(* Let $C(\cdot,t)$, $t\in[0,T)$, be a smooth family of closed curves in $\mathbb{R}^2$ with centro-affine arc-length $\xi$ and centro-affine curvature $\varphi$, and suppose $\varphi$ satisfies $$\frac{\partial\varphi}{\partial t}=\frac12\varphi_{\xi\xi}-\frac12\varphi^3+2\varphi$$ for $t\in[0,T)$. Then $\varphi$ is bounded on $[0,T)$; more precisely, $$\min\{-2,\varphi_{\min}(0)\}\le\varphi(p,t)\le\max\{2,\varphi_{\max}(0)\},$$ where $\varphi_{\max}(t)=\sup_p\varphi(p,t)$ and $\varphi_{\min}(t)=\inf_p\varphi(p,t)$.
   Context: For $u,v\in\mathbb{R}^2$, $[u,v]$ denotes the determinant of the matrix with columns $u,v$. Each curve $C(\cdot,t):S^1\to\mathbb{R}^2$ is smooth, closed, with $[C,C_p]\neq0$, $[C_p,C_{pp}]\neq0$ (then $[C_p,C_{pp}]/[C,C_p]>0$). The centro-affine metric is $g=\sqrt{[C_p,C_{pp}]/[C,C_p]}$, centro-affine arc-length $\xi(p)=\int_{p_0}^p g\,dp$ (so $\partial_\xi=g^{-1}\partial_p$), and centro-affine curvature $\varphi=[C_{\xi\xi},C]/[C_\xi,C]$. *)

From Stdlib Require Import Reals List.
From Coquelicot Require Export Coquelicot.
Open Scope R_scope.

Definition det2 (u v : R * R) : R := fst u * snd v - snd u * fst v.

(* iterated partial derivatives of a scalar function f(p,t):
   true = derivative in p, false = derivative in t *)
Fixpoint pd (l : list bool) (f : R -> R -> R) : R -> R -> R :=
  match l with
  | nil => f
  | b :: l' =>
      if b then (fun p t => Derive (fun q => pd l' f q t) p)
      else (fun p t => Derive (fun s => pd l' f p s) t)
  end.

◆ ◆ ◆ ◆

◆ WHAT THE TASK REQUIRES
Exact lines only, please: output the listing from the first line to the line with "Open Scope R_scope.", both included.

◆ ANSWER BOX
(* Let $C(\cdot,t)$, $t\in[0,T)$, be a smooth family of closed curves in $\mathbb{R}^2$ with centro-affine arc-length $\xi$ and centro-affine curvature $\varphi$, and suppose $\varphi$ satisfies $$\frac{\partial\varphi}{\partial t}=\frac12\varphi_{\xi\xi}-\frac12\varphi^3+2\varphi$$ for $t\in[0,T)$. Then $\varphi$ is bounded on $[0,T)$; more precisely, $$\min\{-2,\varphi_{\min}(0)\}\le\varphi(p,t)\le\max\{2,\varphi_{\max}(0)\},$$ where $\varphi_{\max}(t)=\sup_p\varphi(p,t)$ and $\varphi_{\min}(t)=\inf_p\varphi(p,t)$.
   Context: For $u,v\in\mathbb{R}^2$, $[u,v]$ denotes the determinant of the matrix with columns $u,v$. Each curve $C(\cdot,t):S^1\to\mathbb{R}^2$ is smooth, closed, with $[C,C_p]\neq0$, $[C_p,C_{pp}]\neq0$ (then $[C_p,C_{pp}]/[C,C_p]>0$). The centro-affine metric is $g=\sqrt{[C_p,C_{pp}]/[C,C_p]}$, centro-affine arc-length $\xi(p)=\int_{p_0}^p g\,dp$ (so $\partial_\xi=g^{-1}\partial_p$), and centro-affine curvature $\varphi=[C_{\xi\xi},C]/[C_\xi,C]$. *)

From Stdlib Require Import Reals List.
From Coquelicot Require Export Coquelicot.
Open Scope R_scope.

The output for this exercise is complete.